(Supplied data)
Definition blowup (T : finType) (e : rel T) (t : nat) : rel (T * 'I_t)%type :=
  fun x y => ((x.1 == y.1) && (x.2 != y.2)) || e x.1 y.1.

Arguments adjmx R {T} e.
Arguments is_spectrum {R n} A s.
Arguments lambda {R n} A k.
Arguments Hrel : clear implicits.
Arguments blowup {T} e t x y.

From HB Require Import structures.
From mathcomp Require Import all_boot all_order all_algebra.
From mathcomp Require Import all_classical all_reals all_analysis.
From mathcomp Require Import ring lra zify.
Set Implicit Arguments.
Unset Strict Implicit.
Unset Printing Implicit Defensive.

Import Order.TTheory GRing.Theory Num.Theory.
Import numFieldNormedType.Exports.
Local Open Scope classical_set_scope.
Local Open Scope ring_scope.

(* Let Q be the 0/1 matrix sending each vertex of H_{a,b} to its vertex of C_6,
   K = I + A(C_6) and D = Q^T Q the diagonal matrix of clique sizes.  Then
   A(H) = Q K Q^T - I, and Sylvester's identity y^6 det(y - Q (K Q^T)) =
   y^n det(y - K Q^T Q) gives (x+1)^6 chi_H(x) = (x+1)^n det((x+1) - K D).
   That 6x6 determinant is y^2 (y - (a+b))^2 (y^2 - (a+b) y - 3ab), so the
   spectrum of H is r - 1 >= a+b-1 = a+b-1 >= -1 = ... = -1 >= r' - 1, where
   r >= a+b and r' <= 0 are the roots of the quadratic factor.  The closed
   blow-up H^[t] is again of this shape, with clique sizes at and bt. *)

Lemma is_spectrum_lambda (R : realType) n (A : 'M[R]_n) (L : seq R) k :
  is_spectrum A L -> lambda A k.+1 = nth 0 L k.
Proof.
move=> specL; have [sortedL charL] := specL.
have [sorted_s char_s] := xgetPex [::] (ex_intro _ L specL).
rewrite /lambda /=; set s := xget _ _ in sorted_s char_s *.
have perm_sL : perm_eq s L by apply: prod_XsubC_eq; rewrite -char_s charL.
suff -> : s = L by [].
apply: (sorted_eq _ _ sorted_s sortedL perm_sL).
  by move=> x y z /= yx zy; apply: le_trans zy yx.
by move=> x y /andP [xy yx]; apply/eqP; rewrite eq_le xy yx.
Qed.

Lemma det_sub_mulmxC (R : comNzRingType) n m (y : R)
    (U : 'M[R]_(n, m)) (V : 'M[R]_(m, n)) :
  y ^+ m * \det (y%:M - U *m V) = y ^+ n * \det (y%:M - V *m U).
Proof.
set N := block_mx (@scalar_mx _ n y) U V (@scalar_mx _ m 1).
have eqUV : block_mx (y%:M - U *m V) U 0 1%:M = N *m block_mx 1%:M 0 (- V) 1%:M.
  by rewrite mulmx_block !mulmx1 !mulmx0 !mul1mx !mulmxN !add0r subrr.
have eqVU : block_mx (@scalar_mx _ n y) U 0 (y%:M - V *m U)
            = block_mx 1%:M 0 (- V) y%:M *m N.
  rewrite mulmx_block !mul1mx !mul0mx !addr0 mulNmx mul_scalar_mx mul_mx_scalar.
  by rewrite addNr mulmx1 mulNmx addrC.
have detUV := congr1 determinant eqUV; have detVU := congr1 determinant eqVU.
rewrite det_ublock det1 mulr1 det_mulmx det_lblock !det1 mulr1 in detUV.
rewrite det_ublock det_mulmx det_lblock det1 mul1r !det_scalar in detVU.
by rewrite detUV detVU mulr1.
Qed.

Section ThirdEigenvalue.
Variables (R : realType) (n : nat) (A : 'M[R]_n).
Local Notation Y := ('X + 1 : {poly R}).

Lemma XsubC_sub1 (c : R) : 'X - (c - 1)%:P = Y - c%:P.
Proof. by rewrite polyCB polyC1; ring. Qed.

Lemma Xadd1_neq0 : Y != 0.
Proof. by rewrite -[1]opprK -polyC1 -polyCN polyXsubC_eq0. Qed.

Lemma lambda3_of_char_poly (s p q : R) :
  (3 <= n)%N -> 0 < s <= p -> q <= 0 ->
  Y ^+ 6 * char_poly A
    = Y ^+ n * (Y ^+ 2 * (Y - s%:P) ^+ 2 * ((Y - p%:P) * (Y - q%:P))) ->
  lambda A 3 = s - 1.
Proof.
move=> n_ge3 /andP [s_gt0 sp] q_le0 charA.
have Y6_neq0 : Y ^+ 6 != 0 by rewrite expf_neq0 // Xadd1_neq0.
have [n3 | n_ge4] := eqVneq n 3%N.
  (* For n = 3, x + 1 must divide the cofactor; evaluating at -1 forces q = 0. *)
  have q0 : q = 0.
    have charA3 : Y * char_poly A = (Y - s%:P) ^+ 2 * ((Y - p%:P) * (Y - q%:P)).
      apply: (mulfI (expf_neq0 5 Xadd1_neq0)).
      by rewrite [LHS]mulrA -exprSr charA n3; ring.
    have := congr1 (horner^~ (-1)) charA3; rewrite !hornerE addNr mul0r !sub0r.
    move=> /esym/eqP; rewrite /= !mulf_eq0 !oppr_eq0 (gt_eqF s_gt0).
    by rewrite (gt_eqF (lt_le_trans s_gt0 sp)) => /eqP.
  have specA : is_spectrum A [:: p - 1; s - 1; s - 1].
    split; first by rewrite /= lexx lerD2r sp.
    apply: (mulfI Y6_neq0); rewrite charA n3 q0 !big_cons big_nil !XsubC_sub1; ring.
  exact: (is_spectrum_lambda 2 specA).
have specA : is_spectrum A
    ([:: p - 1; s - 1; s - 1] ++ nseq (n - 4) (-1) ++ [:: q - 1]).
  split.
    rewrite /= lerD2r sp lexx /=.
    have : -1 <= s - 1 by lra.
    elim: (n - 4)%N (s - 1) => [|k IH] x x_ge /=; last by rewrite x_ge IH.
    by rewrite andbT; lra.
  apply: (mulfI Y6_neq0).
  rewrite charA !big_cat big_nseq iter_mulr_1 !big_cons !big_nil !XsubC_sub1.
  have -> : 'X - (-1)%:P = Y by rewrite polyCN opprK polyC1.
  have -> : Y ^+ n = Y ^+ (n - 4) * Y ^+ 4 by rewrite -exprD subnK //; lia.
  rewrite /=; ring.
exact: (is_spectrum_lambda 2 specA).
Qed.

End ThirdEigenvalue.

Section ClosedVertexMultiplication.
Variables (R : realType) (m : nat) (g : rel 'I_m) (T : finType) (f : T -> 'I_m).
Hypothesis g_irr : irreflexive g.
Variable e : rel T.
Hypothesis eE : forall x y, e x y = ((f x == f y) && (x != y)) || g (f x) (f y).

Local Notation n := #|T|.
Local Notation fib i := (f (enum_val i)).

Definition fibre_mx : 'M[R]_(n, m) := \matrix_(i, k) (fib i == k)%:R.
Definition closed_adjmx : 'M[R]_m := \matrix_(k, l) ((k == l) || g k l)%:R.
Definition fibre_sizes : 'rV[R]_m := \row_k #|[pred x | f x == k]|%:R.

Lemma fibre_mx_mul p (M : 'M[R]_(m, p)) i l : (fibre_mx *m M) i l = M (fib i) l.
Proof.
rewrite mxE (bigD1 (fib i)) //= mxE eqxx mul1r big1 ?addr0 // => k /negPf nk.
by rewrite mxE eq_sym nk mul0r.
Qed.

Lemma mul_tr_fibre_mx p (M : 'M[R]_(p, m)) k j : (M *m fibre_mx^T) k j = M k (fib j).
Proof. by rewrite -[M]trmxK -trmx_mul mxE fibre_mx_mul !mxE. Qed.

Lemma tr_fibre_mx_mul : fibre_mx^T *m fibre_mx = diag_mx fibre_sizes.
Proof.
apply/matrixP => k l; rewrite !mxE.
under eq_bigr => i _ do rewrite !mxE -natrM mulnb.
rewrite -(big_enum_val (A := predT) (fun x => ((f x == k) && (f x == l))%:R)) /=.
have [<- | nkl] := eqVneq k l; last first.
  by rewrite mulr0n big1 // => x _; case: (f x =P k) => // ->; rewrite (negPf nkl).
rewrite mulr1n -natr_sum -sum1_card; congr _%:R.
rewrite [RHS]big_mkcond /=; apply: eq_big => // x _.
by rewrite andbb inE; case: (f x == k).
Qed.

Lemma adjmx_fibre_decomp : adjmx R e = fibre_mx *m closed_adjmx *m fibre_mx^T - 1.
Proof.
apply/matrixP => i j; rewrite [RHS]mxE mul_tr_fibre_mx fibre_mx_mul !mxE eE.
have [<- | nij] := eqVneq i j; first by rewrite !eqxx g_irr /= subrr.
by rewrite (inj_eq enum_val_inj) (negPf nij) /= andbT subr0.
Qed.

Lemma char_poly_closed_mult :
  ('X + 1) ^+ m * char_poly (adjmx R e)
  = ('X + 1) ^+ n * \det (('X + 1)%:M - map_mx polyC (closed_adjmx *m diag_mx fibre_sizes)).
Proof.
rewrite /char_poly /char_poly_mx adjmx_fibre_decomp map_mxB map_mx1 !map_mxM.
have -> : forall M : 'M[{poly R}]_n, 'X%:M - (M - 1%:M) = ('X + 1)%:M - M.
  by move=> M; rewrite [in RHS]raddfD /= opprB addrA.
by rewrite -mulmxA det_sub_mulmxC -!map_mxM -mulmxA tr_fibre_mx_mul.
Qed.

End ClosedVertexMultiplication.

(* [Nat.leb], unlike [leq], is evaluated by [simpl], so the entries of iterated
   minors of a matrix given by a function on [nat] reduce on numerals. *)
Definition minor_fun (R : Type) (g : nat -> nat -> R) (j k l : nat) : R :=
  g k.+1 (if Nat.leb j l then l.+1 else l).
Arguments minor_fun {R} g j k l : simpl never.

Lemma Nat_leb_leq j l : Nat.leb j l = (j <= l)%N.
Proof. by elim: j l => [|j IH] [|l] //=; rewrite IH. Qed.

Lemma expand_det_nat (R : comNzRingType) n (g : nat -> nat -> R) :
  \det (\matrix_(k < n.+1, l < n.+1) g k l) =
  \sum_(j < n.+1) g 0%N j * ((-1) ^+ j * \det (\matrix_(k < n, l < n) minor_fun g j k l)).
Proof.
rewrite (expand_det_row _ ord0); apply: eq_bigr => j _.
rewrite !mxE /cofactor add0n; congr (_ * (_ * \det _)).
by apply/matrixP => k l; rewrite !mxE /minor_fun /= /bump Nat_leb_leq; case: (leqP j l).
Qed.

(* The entries of y - K D, where K = I + A(C_6) and D = diag(a,b,a,b,a,b). *)
Definition c6_charmx_entry (R : comNzRingType) (y a b : R) (k l : nat) : R :=
  match k, l with
  | 0, 0 => y - a | 0, 1 => - b | 0, 5 => - b
  | 1, 0 => - a | 1, 1 => y - b | 1, 2 => - a
  | 2, 1 => - b | 2, 2 => y - a | 2, 3 => - b
  | 3, 2 => - a | 3, 3 => y - b | 3, 4 => - a
  | 4, 3 => - b | 4, 4 => y - a | 4, 5 => - b
  | 5, 4 => - a | 5, 5 => y - b | 5, 0 => - a
  | _, _ => 0
  end.

Lemma det_c6_charmx (R : comNzRingType) (y a b : R) :
  \det (\matrix_(k < 6, l < 6) c6_charmx_entry y a b k l) =
  y ^+ 2 * (y - (a + b)) ^+ 2 * (y ^+ 2 - (a + b) * y - 3 * a * b).
Proof.
rewrite !(@expand_det_nat _ 5) !big_ord_recl !big_ord0 /= ?mul0r ?add0r ?addr0.
rewrite !(@expand_det_nat _ 4) !big_ord_recl !big_ord0 /= ?mul0r ?add0r ?addr0.
rewrite !(@expand_det_nat _ 3) !big_ord_recl !big_ord0 /= ?mul0r ?add0r ?addr0.
rewrite !(@expand_det_nat _ 2) !big_ord_recl !big_ord0 /= ?mul0r ?add0r ?addr0.
rewrite !(@expand_det_nat _ 1) !big_ord_recl !big_ord0 /= ?mul0r ?add0r ?addr0.
rewrite !(@expand_det_nat _ 0) !big_ord_recl !big_ord0 /= ?mul0r ?add0r ?addr0.
by rewrite !det_mx00 /minor_fun /bump /=; ring.
Qed.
(End Supplied data)
◆ **How to complete this task**
Bring together every line in the entries that holds the string "realType".

◆ **Task answer**
Lemma is_spectrum_lambda (R : realType) n (A : 'M[R]_n) (L : seq R) k :
Variables (R : realType) (n : nat) (A : 'M[R]_n).
Variables (R : realType) (m : nat) (g : rel 'I_m) (T : finType) (f : T -> 'I_m).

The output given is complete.